In response to the claims of the US SEC (United States Securities and Exchange Commission) that Polygon’s native token, MATIC, is an unregistered security, Polygon Labs, a cloud-native platform, stated that the token had been required for the Polycon technology since its inception because it ensures the security of the network.
In addition, it was asserted that MATIC was initially developed and deployed outside the United States, focusing on supporting the network in the international community.
Polygon Labs focuses on content visualization and creative data for the digital industry. It is used as an excellent way of building and scaling projects on the world‘s largest blockchain ecosystem Ethereum, using popular scaling technology such as Polygon PoS, Polygon zkEVM, and Polygon Miden.
The team at Polygon is leveraging its core blockchain services and solutions to fight climate change and make the platform as carbon-neutral as possible. It has deployed over 1.2 million smart contracts, 2.57 billion transactions, and 13.62 billion NFT sales volume.
The growth and development team for Polygon Labs also mentioned that their actions never targeted the United States; instead, they ensured MATIC was available to the wider community of its users.
The value of MATIC plunged nearly 2% after declining over 33% last week. The comments of Polygon Labs follow the delisting of MATIC from Robinhood.
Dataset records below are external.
(* Let $n,r\ge 1$ and let $D=\{(\mathbf s_1,\mathbf t_1),\dots,(\mathbf s_r,\mathbf t_r)\}\subset \mathbb F_2^n\times\mathbb F_2^n$ be a data set, with $\mathbf s_j=(s_{j,1},\dots,s_{j,n})$ and $\mathbf t_j=(t_{j,1},\dots,t_{j,n})$. Fix a gene index $i\in\{1,\dots,n\}$. Put $$f_i=\sum_{j=1}^r t_{j,i}\prod_{e=1}^n\bigl(1-(x_e-s_{j,e})\bigr),\qquad p=\prod_{j=1}^r\Bigl(1-\prod_{e=1}^n\bigl(1-(x_e-s_{j,e})\bigr)\Bigr),$$ and let $I=\langle p\rangle$ in $R=\mathbb F_2[x_1,\dots,x_n]/\langle x_e^2-x_e: 1\le e\le n\rangle$; this $I$ is the ideal of Boolean polynomials vanishing on $\{\mathbf s_1,\dots,\mathbf s_r\}$, so $f_i+I$ is the set of Boolean functions $h$ with $h(\mathbf s_j)=t_{j,i}$ for all $j$. Introduce indeterminates $b_H$, $H\subseteq[n]$, let $g=\sum_{H\subseteq[n]}b_H\prod_{l\in H}x_l$, and write the reduction of $f_i+g\,p$ modulo $\langle x_e^2-x_e\rangle$ as $\sum_{S\subseteq[n]}W_S\prod_{l\in S}x_l$, where each $W_S=W_S(b_H,\mathbf s_j,\mathbf t_j)$ is a polynomial (affine-linear over $\mathbb F_2$) in the $b_H$. Consider the ring homomorphism $$\Phi:\overline{\mathbb F}_2[\{c_S:S\subseteq[n]\}]\to\overline{\mathbb F}_2[\{b_H:H\subseteq[n]\}],\qquad c_S\mapsto W_S .$$ Then $\ker(\Phi)$ is the ideal of all polynomials that fit the data set $D$ (i.e. the vanishing ideal of the set of coefficient vectors $(W_S)_S$ obtained as the $b_H$ vary); in particular, the $\mathbb F_2$-rational points of the variety $\mathbb V(\ker\Phi)\subseteq\overline{\mathbb F}_2^{\,2^n}$, identified with Boolean polynomials via $(c_S)_{S\subseteq[n]}\leftrightarrow\sum_S c_S\prod_{l\in S}x_l$, are exactly the models fitting $D$, namely the elements of $f_i+I$.
   Context: Boolean functions $\mathbb F_2^n\to\mathbb F_2$ are identified with elements of $R=\mathbb F_2[x_1,\dots,x_n]/\langle x_e^2-x_e\rangle$, each written uniquely as $\sum_{S\subseteq[n]}c_S\prod_{l\in S}x_l$ with $c_S\in\mathbb F_2$, and hence with vectors $(c_S)_{S\subseteq[n]}\in\mathbb F_2^{2^n}$. $[n]=\{1,\dots,n\}$. $\overline{\mathbb F}_2$ is the algebraic closure of $\mathbb F_2$. A model for gene $i$ ''fits'' $D$ if it maps $\mathbf s_j$ to $t_{j,i}$ for every $j$. *)

From HB Require Import structures.
From mathcomp Require Import all_boot all_order all_algebra.
From mathcomp Require Import mpoly.
Set Implicit Arguments. Unset Strict Implicit. Unset Printing Implicit Defensive.
Import Order.TTheory GRing.Theory.
Local Open Scope ring_scope.

(* Subsets H of [n] = 'I_n are {set 'I_n}; the 2^n variables indexed by
   subsets are numbered via enum_rank. *)
Definition Nsub (n : nat) : nat := #|{: {set 'I_n}}|.
Definition sidx (n : nat) (H : {set 'I_n}) : 'I_(Nsub n) := enum_rank H.
Definition sval_of (n : nat) (k : 'I_(Nsub n)) : {set 'I_n} := enum_val k.

Definition emb2 (A : nzRingType) (a : 'F_2) : A := (val a)%:R.

Definition xmon (A : comNzRingType) (n : nat) (S : {set 'I_n}) : {mpoly A[n]} :=
  \prod_(l in S) 'X_l.

(* Reduction modulo <x_e^2 - x_e>: since x_e^k = x_e for k >= 1, the monomial
   with exponent vector m reduces to xmon (support of m).  [red q S] is the
   coefficient of xmon S in the (multilinear) reduction of q. *)
Definition red (A : comNzRingType) (n : nat) (q : {mpoly A[n]}) (S : {set 'I_n}) : A :=
  \sum_(m <- msupp q | [set l : 'I_n | (m l != 0)%N] == S) q@_m.

Definition chi (A : comNzRingType) (n r : nat) (s : 'I_r -> 'I_n -> 'F_2) (j : 'I_r)
  : {mpoly A[n]} :=
  \prod_(e < n) (1 - ('X_e - (emb2 A (s j e))%:MP)).

Definition fpol (A : comNzRingType) (n r : nat) (s t : 'I_r -> 'I_n -> 'F_2) (i : 'I_n)
  : {mpoly A[n]} :=
  \sum_(j < r) (emb2 A (t j i))%:MP * chi A s j.

Definition ppol (A : comNzRingType) (n r : nat) (s : 'I_r -> 'I_n -> 'F_2)
  : {mpoly A[n]} :=
  \prod_(j < r) (1 - chi A s j).

Definition gpol (K : fieldType) (n : nat) : {mpoly {mpoly K[Nsub n]}[n]} :=
  \sum_(H : {set 'I_n}) ('X_(sidx H) : {mpoly K[Nsub n]})%:MP * xmon {mpoly K[Nsub n]} H.

Definition Wpol (K : fieldType) (n r : nat) (s t : 'I_r -> 'I_n -> 'F_2) (i : 'I_n)
  (k : 'I_(Nsub n)) : {mpoly K[Nsub n]} :=
  red (fpol {mpoly K[Nsub n]} s t i + gpol K n * ppol {mpoly K[Nsub n]} s) (sval_of k).

(* Phi : K[c_S] -> K[b_H], c_S |-> W_S (c_S is the variable 'X_(sidx S)). *)
Definition Phi (K : fieldType) (n r : nat) (s t : 'I_r -> 'I_n -> 'F_2) (i : 'I_n)
  (P : {mpoly K[Nsub n]}) : {mpoly K[Nsub n]} :=
  P \mPo [tuple Wpol K s t i k | k < Nsub n].

Definition boolfun (n : nat) (c : {set 'I_n} -> 'F_2) (x : 'I_n -> 'F_2) : 'F_2 :=
  \sum_(S : {set 'I_n}) c S * \prod_(l in S) x l.

Definition fits (n r : nat) (s t : 'I_r -> 'I_n -> 'F_2) (i : 'I_n)
  (h : ('I_n -> 'F_2) -> 'F_2) : Prop :=
  forall j : 'I_r, h (s j) = t j i.

(* A Boolean polynomial evaluated at a point of F_2^n (or at any idempotent
   point) only sees its multilinear reduction, and a multilinear form is
   determined by its values at the 0/1 points.  At a point y, f_i + g p takes
   the value t_{j,i} if y = s_j (where p vanishes) and g(y) otherwise (where
   f_i vanishes and p = 1): so the coefficient vectors (W_S(b))_S are those of
   the models fitting D, i.e. of f_i + <p>.
   Phi(P) is P evaluated at (W_S)_S, and since K is infinite a polynomial
   vanishing on all of K^N is zero: this identifies ker Phi with the vanishing
   ideal of the image.  For an F_2-point c, the linear polynomials
   sum_S c_S s_j^S - t_{j,i} lie in ker Phi, which forces c to fit D;
   conversely a fitting model is some W(b), where ker Phi vanishes. *)

From HB Require Import structures.
From mathcomp Require Import all_boot all_order all_algebra.
From mathcomp Require Import mpoly.
From Stdlib Require Import FunctionalExtensionality.
Import GRing.Theory.
Local Open Scope ring_scope.
Set Implicit Arguments. Unset Strict Implicit.

Lemma F2_cases (a : 'F_2) : a = 0 \/ a = 1.
Proof. by case: a => [[|[|m]] // ltm2]; [left|right]; apply/val_inj. Qed.

Lemma F2_idem (a : 'F_2) : a * a = a.
Proof. by case: (F2_cases a) => ->; rewrite ?mulr0 ?mulr1. Qed.

Lemma emb2_0 (A : nzRingType) : emb2 A 0 = 0. Proof. by []. Qed.
Lemma emb2_1 (A : nzRingType) : emb2 A 1 = 1. Proof. by []. Qed.

Lemma emb2_id (a : 'F_2) : emb2 'F_2 a = a.
Proof. by case: (F2_cases a) => ->. Qed.

Lemma emb2_idem (A : nzRingType) (a : 'F_2) : emb2 A a * emb2 A a = emb2 A a.
Proof. by case: (F2_cases a) => ->; rewrite ?emb2_0 ?emb2_1 ?mulr0 ?mulr1. Qed.

Lemma emb2_nat (A : nzRingType) (b : bool) : emb2 A b%:R = b%:R.
Proof. by case: b. Qed.

Lemma emb2_inj (A : nzRingType) : injective (emb2 A).
Proof.
move=> a b; case: (F2_cases a) => ->; case: (F2_cases b) => -> //.
  by rewrite emb2_0 emb2_1 => /eqP; rewrite eq_sym oner_eq0.
by rewrite emb2_0 emb2_1 => /eqP; rewrite oner_eq0.
Qed.

(* The hypothesis is unused by the map but keeps it an explicit argument, so
   that the morphism instances below can be found by unification. *)
Definition emb2_char2 (A : nzRingType) of 2%:R = 0 :> A : 'F_2 -> A := emb2 A.

Section Char2Embedding.
Variables (A : nzRingType) (A2 : 2%:R = 0 :> A).

Lemma emb2_char2E a : emb2_char2 A2 a = emb2 A a. Proof. by []. Qed.

Lemma emb2_char2_is_additive : nmod_morphism (emb2_char2 A2).
Proof.
split=> // a b; rewrite /emb2_char2.
by case: (F2_cases a) => ->; case: (F2_cases b) => ->; rewrite ?add0r ?addr0.
Qed.

Lemma emb2_char2_is_multiplicative : monoid_morphism (emb2_char2 A2).
Proof.
split=> // a b; rewrite /emb2_char2.
by case: (F2_cases a) => ->; case: (F2_cases b) => ->; rewrite ?mul0r ?mulr0 ?mulr1.
Qed.

HB.instance Definition _ :=
  GRing.isNmodMorphism.Build 'F_2 A (emb2_char2 A2) emb2_char2_is_additive.
HB.instance Definition _ :=
  GRing.isMonoidMorphism.Build 'F_2 A (emb2_char2 A2) emb2_char2_is_multiplicative.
This fintech mobile trading app removed Cardano’s ADA and Solana’s SOL support due to the labeling by the SEC of specific tokens and coins as securities.
In a lawsuit against the largest cryptocurrency exchange in the world, Binance, the Securities and Exchange Commission explicitly called for securities for 12 tokens, including MATIC. Solana’s SOL, Binance USD, Cardano’s ADA, BNB, Cosmos Hub’s ATOM, Filecoin’s FIL, The Sandbox SAND, Algorand’s ALGO, Decentraland’s MANA, Coti’s COTI, and Axie Infinity’s AXS were also called securities by the leading regulator.